Some time ago, it was commonplace for smartphone apps to open a browser to a registration page with a CAPTCHA, or to require separate signup via web, because API signup was seen as vulnerable.
Now most apps seem to offer registration via native form, though endpoints for this are usually not documented in their public API. I haven't seen many reports of this being abused to create spam accounts.
How is this done? Is there a standard crypto/handshake process to verify real signups, or does signup typically rely on undocumented endpoints and simple API key passing?
Embedding yields a better experience but has the issue you mention. Yes, the service owners on the other end are still worried about this and combating the problem. And undocumented APIs don't help and the service owners know this.
One of the tools in the toolbox these days is keys assigned to devices which can be used for throttling. This would essentially let you limit the amt of service that can be consumed on a per device basis and it would require you have a device (or can steal the key from one) in order to provide service. So long as the process to issue keys to new devices is strong (a solvable problem) then you can offer a CAPTCHA-free signup experience within the confines of what you are willing to give to a device.
I'd also note that there are other well known approaches you can use, like IP throttling and handshakes with other service providers (like a phone carrier). Depending upon the problem domain these are on the table too...

Preventing fake accounts

I'm working on a simple web service that allows users to sign up for free and upload a small amount of data. I can easily establish a quota for each user, but malicious users could create fake accounts to upload as much data as they like in a denial-of-service attack.
Obviously, there's no perfect defense against this type of attack, but what can we do to mitigate this problem?
Tie it to a more-or-less unique identifier (phone number, bank account number, facebook/google/etc account) or to a finite resource (such as time, by using a captcha).
use a captcha on account creation to ensure that it's a
human and not an automated process.
require a valid email address and require that they click a link in their email to validate that that's their email address and continue the registration process. This cuts down on their ability to create many throwaway accounts because you can limit them to only having one account per email address and they have to then create a new email address for each account they want to create.

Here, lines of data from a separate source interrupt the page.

Lemma rule_holds_at_app r A small B i :
  (i + W <= length small)%nat ->
  rule_holds_at W (-1) (list_heap small) r (Z.of_nat i) ->
  rule_holds_at W (-1) (list_heap (A ++ small ++ B)) r (Z.of_nat (length A + i)).
Proof.
  intros Hi Hs. unfold rule_holds_at in *. intros Ht Hg.
  assert (HW : (1 <= W)%nat) by (unfold rec_width; lia).
  assert (Hemb : forall x, (x < length small)%nat ->
            nth (length A + x) (A ++ small ++ B) 0 = nth x small 0).
  { intros x Hx. rewrite app_nth2, Nat.add_comm, Nat.add_sub, app_nth1 by lia. reflexivity. }
  assert (Hfld : forall o, (o < W)%nat ->
            field_at (list_heap (A ++ small ++ B)) (Z.of_nat (length A + i)) o =
            field_at (list_heap small) (Z.of_nat i) o).
  { intros o Ho. rewrite !field_at_list_heap, <- Nat.add_assoc. apply Hemb. lia. }
  assert (Ht' : tagged_block W (-1) (list_heap small) (Z.of_nat i) (rule_tag r)).
  { apply tagged_block_list_heap in Ht as [_ Ht]; [|exact HW].
    apply tagged_block_list_heap; [exact HW|]. rewrite <- Hemb by lia. split; auto. }
  assert (Hg' := Forall_atom_holds_ext W _ _ _ _ _ HW Hfld Hfld Hg).
  specialize (Hs Ht' Hg'). destruct (rule_child r) as [[o k] |].
  - destruct Hs as [Htp Hc]. rewrite Hfld by (unfold clamp; lia).
    set (ps := Z.of_nat i + field_at (list_heap small) (Z.of_nat i) (clamp W o)) in *.
    assert (Hps : 0 <= ps) by (apply (allocated_block_list_heap W small ps HW), Htp).
    replace (Z.of_nat (length A + i) + field_at (list_heap small) (Z.of_nat i) (clamp W o))
      with (Z.of_nat (length A + Z.to_nat ps)) by (unfold ps in *; lia).
    rewrite <- (Z2Nat.id ps) in Htp, Hc by exact Hps.
    apply tagged_block_list_heap in Htp as [Hlen Htag]; [|exact HW].
    split.
    + apply tagged_block_list_heap; [exact HW|]. rewrite length_app, length_app, Hemb by lia.
      split; [lia | exact Htag].
    + revert Hc. apply Forall_atom_holds_ext; [exact HW | |]; intros o' Ho'; symmetry.
      * apply Hfld, Ho'.
      * rewrite !field_at_list_heap, <- Nat.add_assoc. apply Hemb. lia.
  - revert Hs. apply Forall_atom_holds_ext; [exact HW | |]; intros; symmetry; apply Hfld; auto.
Qed.

Lemma consistent_embed A small B : consistent small ->
  forall i, (i < length small)%nat -> nth i small 0 < 0 ->
  let H := A ++ small ++ B in
  (length A + i + W <= length H)%nat /\ exists D, In D nds /\
    nth (length A + i) H 0 = tag (node_index D nds) /\
    forall r, In r (rules_of L nds D) ->
      rule_holds_at W (-1) (list_heap H) r (Z.of_nat (length A + i)).
Proof.
  intros HV i Hi Hn H. destruct (HV i Hi Hn) as [Hw (D & HD & Et & Hr)].
  split; [unfold H; rewrite !length_app; lia|]. exists D. split; [exact HD|]. split.
  - unfold H. rewrite app_nth2, Nat.add_comm, Nat.add_sub, app_nth1 by lia. exact Et.
  - intros r Hr'. apply rule_holds_at_app; auto.
Qed.

Lemma consistent_app A B : consistent A -> consistent B -> consistent (A ++ B).
Proof.
  intros HA HB i Hi Hn. rewrite length_app in Hi.
  destruct (Nat.lt_ge_cases i (length A)) as [HiA | HiA].
  - rewrite app_nth1 in Hn by exact HiA.
    pose proof (consistent_embed [] A B HA i HiA Hn) as HE. exact HE.
  - rewrite app_nth2 in Hn by exact HiA.
    pose proof (consistent_embed A B [] HB (i - length A) ltac:(lia) Hn) as HE.
    rewrite app_nil_r in HE. replace (length A + (i - length A))%nat with i in HE by lia.
    exact HE.
Qed.

Lemma consistent_concat Hs : (forall H, In H Hs -> consistent H) -> consistent (concat Hs).
Proof.
  induction Hs as [|H0 Hs IH]; simpl; intros HV.
  - intros i Hi. simpl in Hi. lia.
  - apply consistent_app; auto.
Qed.

Lemma consistent_record D R C : In D nds -> length R = W -> nth 0 R 0 = tag (node_index D nds) ->
  (forall k, (0 < k)%nat -> 0 <= nth k R 0) -> consistent C ->
  (forall r, In r (rules_of L nds D) -> rule_holds_at W (-1) (list_heap (R ++ C)) r 0) ->
  consistent (R ++ C).
Proof.
  intros HD HR Ht Hnn HC Hrules i Hi Hn. rewrite length_app in Hi.
  destruct (Nat.lt_ge_cases i (length R)) as [HiR | HiR].
  - rewrite app_nth1 in Hn by exact HiR. destruct i as [|i].
    + split; [rewrite length_app; lia|]. exists D. split; [exact HD|].
      split; [rewrite app_nth1 by lia; exact Ht | exact Hrules].
    + specialize (Hnn (S i) ltac:(lia)). lia.
  - rewrite app_nth2 in Hn by exact HiR.
    pose proof (consistent_embed R C [] HC (i - length R) ltac:(lia) Hn) as HE.
    rewrite app_nil_r in HE. replace (length R + (i - length R))%nat with i in HE by lia.
    exact HE.
Qed.

End Consistency.

Definition padn (n : nat) (l : list nat) : list nat := firstn n (l ++ repeat 0%nat n).

Definition record (L t : nat) (ins : list nat) (out : nat) (ptrs aux : list nat) : list Z :=
  tag t :: map Z.of_nat (padn L ins ++ [out] ++ padn (S L) ptrs ++ padn L aux).

Lemma length_padn n l : length (padn n l) = n.
Proof. unfold padn. rewrite length_firstn, length_app, repeat_length. lia. Qed.

Lemma nth_padn n l i : (i < n)%nat -> nth i (padn n l) 0%nat = nth i l 0%nat.
Proof.
  intros Hi. unfold padn. rewrite nth_firstn. destruct (Nat.ltb_spec i n); [|lia].
  destruct (Nat.lt_ge_cases i (length l)).
  - rewrite app_nth1; auto.
  - rewrite app_nth2, nth_repeat, nth_overflow; auto.
Qed.

Lemma nth_map_of_nat l k : nth k (map Z.of_nat l) 0 = Z.of_nat (nth k l 0%nat).
Proof. revert k; induction l; intros [|k]; simpl; auto. Qed.

Section Records.
Variables (L t : nat) (ins : list nat) (out : nat) (ptrs aux : list nat).
Notation R := (record L t ins out ptrs aux).

Lemma length_record : length R = rec_width L.
Proof.
  unfold record, rec_width. cbn [length].
  rewrite length_map, !length_app, !length_padn. cbn [length]. lia.
Qed.

Lemma nth_record_in i : (i < L)%nat -> nth (in_off i) R 0 = Z.of_nat (nth i ins 0%nat).
Proof.
  intros Hi. unfold record, in_off. cbn [nth]. rewrite nth_map_of_nat.
  rewrite app_nth1 by (rewrite length_padn; exact Hi). rewrite nth_padn; auto.
Qed.

Lemma nth_record_out : nth (out_off L) R 0 = Z.of_nat out.
Proof.
  unfold record, out_off. cbn [nth]. rewrite nth_map_of_nat.
  rewrite app_nth2 by (rewrite length_padn; auto). rewrite length_padn, Nat.sub_diag. reflexivity.
Qed.

Lemma nth_record_ptr j : (j <= L)%nat -> nth (ptr_off L j) R 0 = Z.of_nat (nth j ptrs 0%nat).
Proof.
  intros Hj. unfold record, ptr_off. replace (L + 2 + j)%nat with (S (L + S j)) by lia.
  cbn [nth]. rewrite nth_map_of_nat, app_nth2 by (rewrite length_padn; lia).
  rewrite length_padn. replace (L + S j - L)%nat with (S j) by lia. cbn [app nth].
  rewrite app_nth1 by (rewrite length_padn; lia). rewrite nth_padn; auto. lia.
Qed.

Lemma nth_record_aux j : (j < L)%nat -> nth (aux_off L j) R 0 = Z.of_nat (nth j aux 0%nat).
Proof.
  intros Hj. unfold record, aux_off. replace (2 * L + 3 + j)%nat with (S (L + S (S L + j))) by lia.
  cbn [nth]. rewrite nth_map_of_nat, app_nth2 by (rewrite length_padn; lia).
  rewrite length_padn. replace (L + S (S L + j) - L)%nat with (S (S L + j)) by lia.
  cbn [app nth]. rewrite app_nth2 by (rewrite length_padn; lia).
  rewrite length_padn. replace (S L + j - S L)%nat with j by lia. rewrite nth_padn; auto.
Qed.

Lemma nth_record_nonneg k : (0 < k)%nat -> 0 <= nth k R 0.
Proof. intros Hk. destruct k; [lia|]. unfold record. cbn [nth]. rewrite nth_map_of_nat. lia. Qed.

End Records.

Definition offset (Hs : list (list Z)) (j : nat) : nat := list_sum (map (@length Z) (firstn j Hs)).

Lemma nth_concat_offset Hs j z : (j < length Hs)%nat -> (z < length (nth j Hs []))%nat ->
  nth (offset Hs j + z) (concat Hs) 0 = nth z (nth j Hs []) 0.
Proof.
  revert j. induction Hs as [|H0 Hs IH]; intros j Hj Hz; simpl in *; [lia|].
  destruct j as [|j]; unfold offset in *; simpl in *.
  - rewrite app_nth1 by exact Hz. reflexivity.
  - rewrite app_nth2 by lia. rewrite <- IH by lia. f_equal. lia.
Qed.

Lemma offset_bound Hs j : (j < length Hs)%nat ->
  (offset Hs j + length (nth j Hs []) <= length (concat Hs))%nat.
Proof.
  revert j. induction Hs as [|H0 Hs IH]; intros j Hj; simpl in *; [lia|].
  destruct j as [|j]; unfold offset in *; simpl in *; rewrite length_app; [lia|].
  specialize (IH j ltac:(lia)). lia.
Qed.

(* A node with children [Hs] is stored as its record followed by the children's heaps; the
   pointers are relative to the record. *)
Definition ptrs_of (L : nat) (Hs : list (list Z)) : list nat :=
  map (fun j => (rec_width L + offset Hs j)%nat) (seq 0 (length Hs)).

Lemma nth_ptrs_of L Hs j : (j < length Hs)%nat ->
  nth j (ptrs_of L Hs) 0%nat = (rec_width L + offset Hs j)%nat.
Proof.
  intros Hj. unfold ptrs_of.
  rewrite nth_indep with (d' := (fun j => (rec_width L + offset Hs j)%nat) 0%nat)
    by (rewrite length_map, length_seq; exact Hj).
  rewrite (map_nth (fun j => (rec_width L + offset Hs j)%nat)), seq_nth by exact Hj.
  reflexivity.
Qed.

Definition node_heap (L t : nat) (ins : list nat) (out : nat) (aux : list nat)
  (Hs : list (list Z)) : list Z :=
  record L t ins out (ptrs_of L Hs) aux ++ concat Hs.

Definition cells (H : list Z) (o : nat) : Z := nth o H 0.

Section RootRules.
Variables (L t : nat) (ins : list nat) (out : nat) (aux : list nat) (Hs : list (list Z)).
Notation W := (rec_width L).
Notation R := (record L t ins out (ptrs_of L Hs) aux).
Notation H := (node_heap L t ins out aux Hs).

Lemma field_at_node_heap_root o : (o < W)%nat -> field_at (list_heap H) 0 o = cells R o.
Proof.
  intros Ho. change 0 with (Z.of_nat 0). rewrite field_at_list_heap. unfold node_heap, cells.
  rewrite app_nth1 by (rewrite length_record; exact Ho). reflexivity.
Qed.

Lemma root_rule_local r : rule_child r = None ->
  (Forall (atom_holds W (cells R) (cells R)) (rule_guard r) ->
   Forall (atom_holds W (cells R) (cells R)) (rule_concl r)) ->
  rule_holds_at W (-1) (list_heap H) r 0.
Proof.
  intros Hc Himp _ Hg. rewrite Hc. assert (HW : (1 <= W)%nat) by (unfold rec_width; lia).
  pose proof field_at_node_heap_root as E.
  assert (E' : forall o, (o < W)%nat -> cells R o = field_at (list_heap H) 0 o)
    by (intros; symmetry; auto).
  apply (Forall_atom_holds_ext W (cells R) (cells R)); auto.
  apply Himp. revert Hg. apply Forall_atom_holds_ext; auto.
Qed.

Lemma root_rule_vacuous r :
  (Forall (atom_holds W (cells R) (cells R)) (rule_guard r) -> False) ->
  rule_holds_at W (-1) (list_heap H) r 0.
Proof.
  intros Hfalse _ Hg. exfalso. apply Hfalse. revert Hg.
  apply Forall_atom_holds_ext; [unfold rec_width; lia | |]; apply field_at_node_heap_root.
Qed.

Lemma root_rule_child r j k Hc : (j < length Hs)%nat -> (j <= L)%nat -> nth j Hs [] = Hc ->
  rule_child r = Some (ptr_off L j, k) -> (W <= length Hc)%nat -> nth 0 Hc 0 = tag k ->
  (Forall (atom_holds W (cells R) (cells R)) (rule_guard r) ->
   Forall (atom_holds W (cells R) (cells Hc)) (rule_concl r)) ->
  rule_holds_at W (-1) (list_heap H) r 0.
Proof.
  intros Hj HjL <- Hr HWj Htj Himp _ Hg. rewrite Hr.
  assert (HW : (1 <= W)%nat) by (unfold rec_width; lia).
  pose proof field_at_node_heap_root as E.
  assert (Hg' : Forall (atom_holds W (cells R) (cells R)) (rule_guard r))
    by (revert Hg; apply Forall_atom_holds_ext; auto).
  specialize (Himp Hg').
  assert (Hemb : forall z, (z < length (nth j Hs []))%nat ->
            nth (W + offset Hs j + z) H 0 = nth z (nth j Hs []) 0).
  { intros z Hz. unfold node_heap. rewrite app_nth2 by (rewrite length_record; lia).
    rewrite length_record. replace (W + offset Hs j + z - W)%nat with (offset Hs j + z)%nat by lia.
    apply nth_concat_offset; auto. }
  assert (Hlen : (W + offset Hs j + length (nth j Hs []) <= length H)%nat).
  { unfold node_heap. rewrite length_app, length_record. pose proof (offset_bound Hs j Hj). lia. }
  rewrite clamp_id, E by (unfold ptr_off, rec_width; lia). unfold cells.
  rewrite nth_record_ptr, nth_ptrs_of by assumption.
  replace (0 + Z.of_nat (W + offset Hs j)) with (Z.of_nat (W + offset Hs j)) by lia.
  split.
  - apply tagged_block_list_heap; [exact HW|]. split; [lia|].
    rewrite <- (Nat.add_0_r (W + offset Hs j)), Hemb by lia. exact Htj.
  - revert Himp. apply Forall_atom_holds_ext; [exact HW | |]; intros o Ho.
    + symmetry. apply E, Ho.
    + rewrite field_at_list_heap, Hemb by lia. reflexivity.
Qed.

When the user signs up, the user supplies a valid email. Most accounts are not enabled until a response has been received, usually by clicking a link in the body of that email. When that click-through is received, you should be able to grab an IP address. That should help you curtail an abundance of casual DOS attacks.
Consider Phone Number Verification
Requiring phone number for account creation is the best approach I've come across; Creating a new email or cycling an IP address is pretty trivial, but genuine sms phone numbers cost money to activate & grant your service the ability to restrict access by country-code.
An important caveat: Virtual phone numbers (like google-voice), temporary-phone number services, & burner phones can make sms-verification ineffective at preventing duplicate user accounts. Depending on your use case, it might be worthwhile to use a service, like Vonage's Number Insight api, that lets you identify those types of numbers.
Authillo is a passwordless authentication provider that prevents duplicate/fake accounts by leveraging sms verification, liveness detection, & facial recognition. Depending on how critical it is that you prevent fake accounts on your service, their base plan might be what you're looking for.
Just log the IPs and assume the same user if the IP does not change within a time interval. This is bad, because it would prevent multiple users in the same house (same IP) but it is a good start.